Abstract
Purpose
To compare preoperative and postoperative ocular biometry in patients with iris-fixated phakic intraocular lens (pIOLs): Artisan and Artiflex.
Materials and Methods
This study included 40 eyes with Artisan and 36 eyes with Artiflex pIOL implants. Anterior chamber depth (ACD) and axial length (AL) were measured by applanation ultrasonography (A-scan) and partial coherence interferometry (IOLMaster) preoperatively and 3 months after pIOL implantation.
Results
ACD measurements after Artisan or Artiflex pIOL implantation were smaller than preoperative measurements. Specifically, the difference after Artisan pIOL implantation was -1.07±0.17 mm by A-scan and -0.08±0.08 mm by IOLMaster. The difference after Artiflex pIOL implantation was -1.31±0.15 mm by A-scan and -0.05±0.07 mm by IOLMaster. After Artisan pIOL implantation, differences in AL measurements by A-scan were insignificant (difference: -0.03±0.15 mm), whereas postoperative AL measurements by IOLMaster were significantly longer than preoperative measurements (difference: 0.12±0.07 mm). After Artiflex pIOL implantation, AL measurements by both A-scan and IOLMaster were significantly longer than preoperative measurements (difference: 0.09±0.16 mm by A-scan and 0.07±0.10 mm by IOLMaster). In the Artiflex group, differences in AL measurements by A-scan correlated with the central thickness of the Artiflex pIOL.
Phakic intraocular lenses (pIOLs) have become common for correcting high refractive errors and these lenses were proven an effective and safe option to treat high myopia.1-3 However, complications have also been reported after pIOL implantation, which include endothelial cell loss,4 retinal detachment,5 traumatic aniridia,6 IOL dislocation, pigment dispersion syndrome, and glaucoma.7 PIOL implantations may increase the speed of cataract development due to intraoperative surgical trauma, postoperative inflammation, and the postoperative use of topical steroids.7-9 There is a direct relationship between the development of lens opacity and high myopia.7 With an increasing number of pIOL implantations, there will also be an increase in the number of patients presenting with cataracts; whether induced by the pIOLs or aging alone.
In patients with a history of iris-fixated pIOL implantation, explantation of the pIOL and cataract surgery can be done simultaneously or cataract extraction can be performed separately after adequate healing from the pIOL explantation.
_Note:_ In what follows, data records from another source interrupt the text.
(* Let $\Gamma$ be a group. Then for every $j \ge 1$ the nilpotent quotients $P\mathcal{N}i(\Gamma)/\overline{C^j}(P\mathcal{N}i(\Gamma))$ and $\Gamma/C^j(\Gamma)$ are isomorphic, and the topology of $P\mathcal{N}i(\Gamma)$ can be defined by a metric.
   Context: For a group $\Gamma$, let $\mathcal{N}i$ be the family of all normal subgroups $N$ of $\Gamma$ with $\Gamma/N$ nilpotent (a directed family). Let $\mathcal{C}=\bigcap_{N\in\mathcal{N}i}N$; the group $\Gamma/\mathcal{C}$ carries the Hausdorff group topology for which the images of the members of $\mathcal{N}i$ form a basis of neighbourhoods of the identity, and its completion (with respect to the left uniformity) is the true pronilpotent completion $P\mathcal{N}i(\Gamma)$, identifiable with the inverse limit $\varprojlim_{N\in\mathcal{N}i}\Gamma/N$. The lower central series is $C^1(\Gamma)=\Gamma$, $C^{j+1}(\Gamma)=[\Gamma,C^j(\Gamma)]$. For a topological group $G$, $\overline{C^1}(G)=G$ and $\overline{C^{j+1}}(G)$ is the closure of the subgroup generated by commutators $[g,c]$ with $g\in G$, $c\in\overline{C^j}(G)$. *)

From Stdlib Require Import Reals.


Record Group := {
  gT :> Type;
  mul : gT -> gT -> gT;
  inv : gT -> gT;
  one : gT;
  mulA : forall x y z, mul x (mul y z) = mul (mul x y) z;
  mul1g : forall x, mul one x = x;
  mulg1 : forall x, mul x one = x;
  mulVg : forall x, mul (inv x) x = one;
  mulgV : forall x, mul x (inv x) = one }.

(** A group presented on a carrier with an equivalence relation (a "setoid
    group"); the group it denotes is the carrier modulo [geq]. Used for
    quotient groups and for the inverse limit. *)
Record GSig := {
  car : Type;
  geq : car -> car -> Prop;
  smul : car -> car -> car;
  sinv : car -> car;
  sone : car }.

Definition sigG (G : Group) : GSig :=
  {| car := gT G; geq := @eq (gT G); smul := @mul G; sinv := @inv G; sone := @one G |}.

Section SigDefs.
Variable Sg : GSig.
Local Notation "x * y" := (smul Sg x y).
Local Notation "x ^-1" := (sinv Sg x) (at level 3).

Definition subgroup (H : car Sg -> Prop) : Prop :=
  H (sone Sg) /\ (forall x y, H x -> H y -> H (x * y)) /\
  (forall x, H x -> H (x ^-1)) /\ (forall x y, geq Sg x y -> H x -> H y).

Definition normal (N : car Sg -> Prop) : Prop :=
  subgroup N /\ forall g n, N n -> N (g ^-1 * n * g).

Definition gen (A : car Sg -> Prop) : car Sg -> Prop :=
  fun x => forall H, subgroup H -> (forall a, A a -> H a) -> H x.

Definition commg (x y : car Sg) : car Sg := x ^-1 * y ^-1 * x * y.

Definition comms (C : car Sg -> Prop) : car Sg -> Prop :=
  fun x => exists g c, C c /\ x = commg g c.

(** lower central series: lcs 1 = Sg, lcs (j+1) = [Sg, lcs j]; (lcs 0 := Sg too) *)
Fixpoint lcs (j : nat) : car Sg -> Prop :=
  match j with
  | O => fun _ => True
  | S k => match k with
           | O => fun _ => True
           | _ => gen (comms (lcs k))
           end
  end.

Definition nilpotent : Prop :=
  exists c, forall x, lcs c x -> geq Sg x (sone Sg).

Definition quotient (N : car Sg -> Prop) : GSig :=
  {| car := car Sg; geq := fun x y => N (x * y ^-1);
     smul := smul Sg; sinv := sinv Sg; sone := sone Sg |}.
End SigDefs.

Definition isomorphic (S T : GSig) : Prop :=
  exists f : car S -> car T,
    (forall x y, geq S x y -> geq T (f x) (f y)) /\
    (forall x y, geq T (f (smul S x y)) (smul T (f x) (f y))) /\
    (forall x y, geq T (f x) (f y) -> geq S x y) /\
    (forall z, exists x, geq T (f x) z).

Section ProNil.
Variable G : Group.
Local Notation "x * y" := (mul G x y).
Local Notation "x ^-1" := (inv G x) (at level 3).

Definition Ni (N : G -> Prop) : Prop :=
  normal (sigG G) N /\ nilpotent (quotient (sigG G) N).

Lemma inv_uniq (a b : G) : a * b = one G -> a ^-1 = b.
Proof.
  intro h. rewrite <- (mulg1 G (a^-1)), <- h, (mulA G), (mulVg G), (mul1g G).
  reflexivity.
Qed.

Lemma invM (x y : G) : (x * y) ^-1 = y ^-1 * x ^-1.
Proof.
  apply inv_uniq. rewrite !(mulA G).
  rewrite <- (mulA G x y (y^-1)), (mulgV G), (mulg1 G), (mulgV G). reflexivity.
Qed.

Lemma inv1 : (one G) ^-1 = one G.
Proof. apply inv_uniq. apply mul1g. Qed.

Lemma invK (x : G) : (x ^-1) ^-1 = x.
Proof. apply inv_uniq. apply mulVg. Qed.

Definition compat (x : (G -> Prop) -> G) : Prop :=
  forall N M, Ni N -> Ni M -> (forall g, N g -> M g) -> M (x N * (x M) ^-1).

Definition PNiT := { x : (G -> Prop) -> G | compat x }.

Lemma compat_mul (x y : PNiT) : compat (fun N => proj1_sig x N * proj1_sig y N).
Proof.
  destruct x as [x hx], y as [y hy]; intros N M hN hM hNM; simpl.
  pose proof (hx N M hN hM hNM) as ex. pose proof (hy N M hN hM hNM) as ey.
  destruct hM as [[[h1 [hmul [hinv hsat]]] hnorm] _].
  assert (e : (x N * y N) * (x M * y M) ^-1
              = (x N * (x M) ^-1) * (((x M)^-1)^-1 * (y N * (y M)^-1) * (x M)^-1)).
  { rewrite invM, invK, !(mulA G).
    rewrite <- (mulA G (x N) ((x M)^-1) (x M)), (mulVg G), (mulg1 G).
    reflexivity. }
  rewrite e. apply hmul; [exact ex | apply hnorm; exact ey].
Qed.

Lemma compat_inv (x : PNiT) : compat (fun N => (proj1_sig x N) ^-1).
Proof.
  destruct x as [x hx]; intros N M hN hM hNM; simpl.
  pose proof (hx N M hN hM hNM) as ex.
  destruct hM as [[[h1 [hmul [hinv hsat]]] hnorm] _].
  assert (e : (x N)^-1 * ((x M)^-1)^-1 = (x N)^-1 * (x N * (x M)^-1)^-1 * x N).
  { rewrite invM, !invK, !(mulA G), <- (mulA G _ ((x N)^-1) (x N)), (mulVg G), (mulg1 G). reflexivity. }
  rewrite e. apply hnorm, hinv, ex.
Qed.

Lemma compat_one : compat (fun _ => one G).
Proof.
  intros N M hN hM hNM. destruct hM as [[[h1 _] _] _].
  rewrite inv1, (mulg1 G). exact h1.
Qed.

(** The inverse limit  P Ni(G) = lim_{N in Ni} G/N, presented as compatible
    families of representatives x_N in G (x_N represents a coset of N),
    two families being equal iff they agree modulo every N in Ni. *)
Definition PNi : GSig :=
  {| car := PNiT;
     geq := fun x y => forall N, Ni N -> N (proj1_sig x N * (proj1_sig y N) ^-1);
     smul := fun x y => exist _ _ (compat_mul x y);
     sinv := fun x => exist _ _ (compat_inv x);
     sone := exist _ _ compat_one |}.

(** Topology of the inverse limit: basic neighbourhoods of x are
    { y | y_N = x_N mod N }, N in Ni (preimages of points of the discrete G/N). *)
Definition PNi_open (U : PNiT -> Prop) : Prop :=
  forall x, U x -> exists N, Ni N /\
    forall y : PNiT, N (proj1_sig y N * (proj1_sig x N) ^-1) -> U y.

Definition PNi_closure (A : PNiT -> Prop) : PNiT -> Prop :=
  fun x => forall N, Ni N -> exists a, A a /\ N (proj1_sig a N * (proj1_sig x N) ^-1).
Combined surgery requires a shorter rehabilitation period but the surgeon should determine the IOL power with biometry measured with the pIOL implantation condition. Therefore, the surgeon needs to be aware of potential ocular biometry measurement errors in eyes with pIOLs.
The presence of a pIOL is known to affect ocular biometric measurement because the speed of the ultrasound through the various materials of pIOLs is different from the average velocity used to measure the eye. Although Hoffer10 published a formula by which to correct this error, some studies suggested that use of the correction factor may be inadvisable.7,11-13 One study reported that the axial length (AL) measured by IOLMaster is not significantly affected by Visian Implantable Collamer Lens (ICL) implantation.11 Other authors concluded that the change in AL, as measured by the immersion A-scan after Visian ICL implantation, is statistically insignificant.12 Another report reviewed several studies and found that the biometry and IOL power calculations are not distorted by the presence of a pIOL except in the case of silicone posterior chamber pIOLs.7
The aim of this study was to determine whether any biometric measurement errors occur in two types of iris-fixated pIOLs made of different materials: Artisan and Artiflex pIOLs made of polymethylmethacrylate (PMMA) and silicone, respectively. In addition, we used both A-scan ultrasonography and IOLMaster to measure ocular biometry. These devices use different techniques for measuring ocular biometry, which aids in determining how the measurement errors are different based on the measuring device and pIOL materials.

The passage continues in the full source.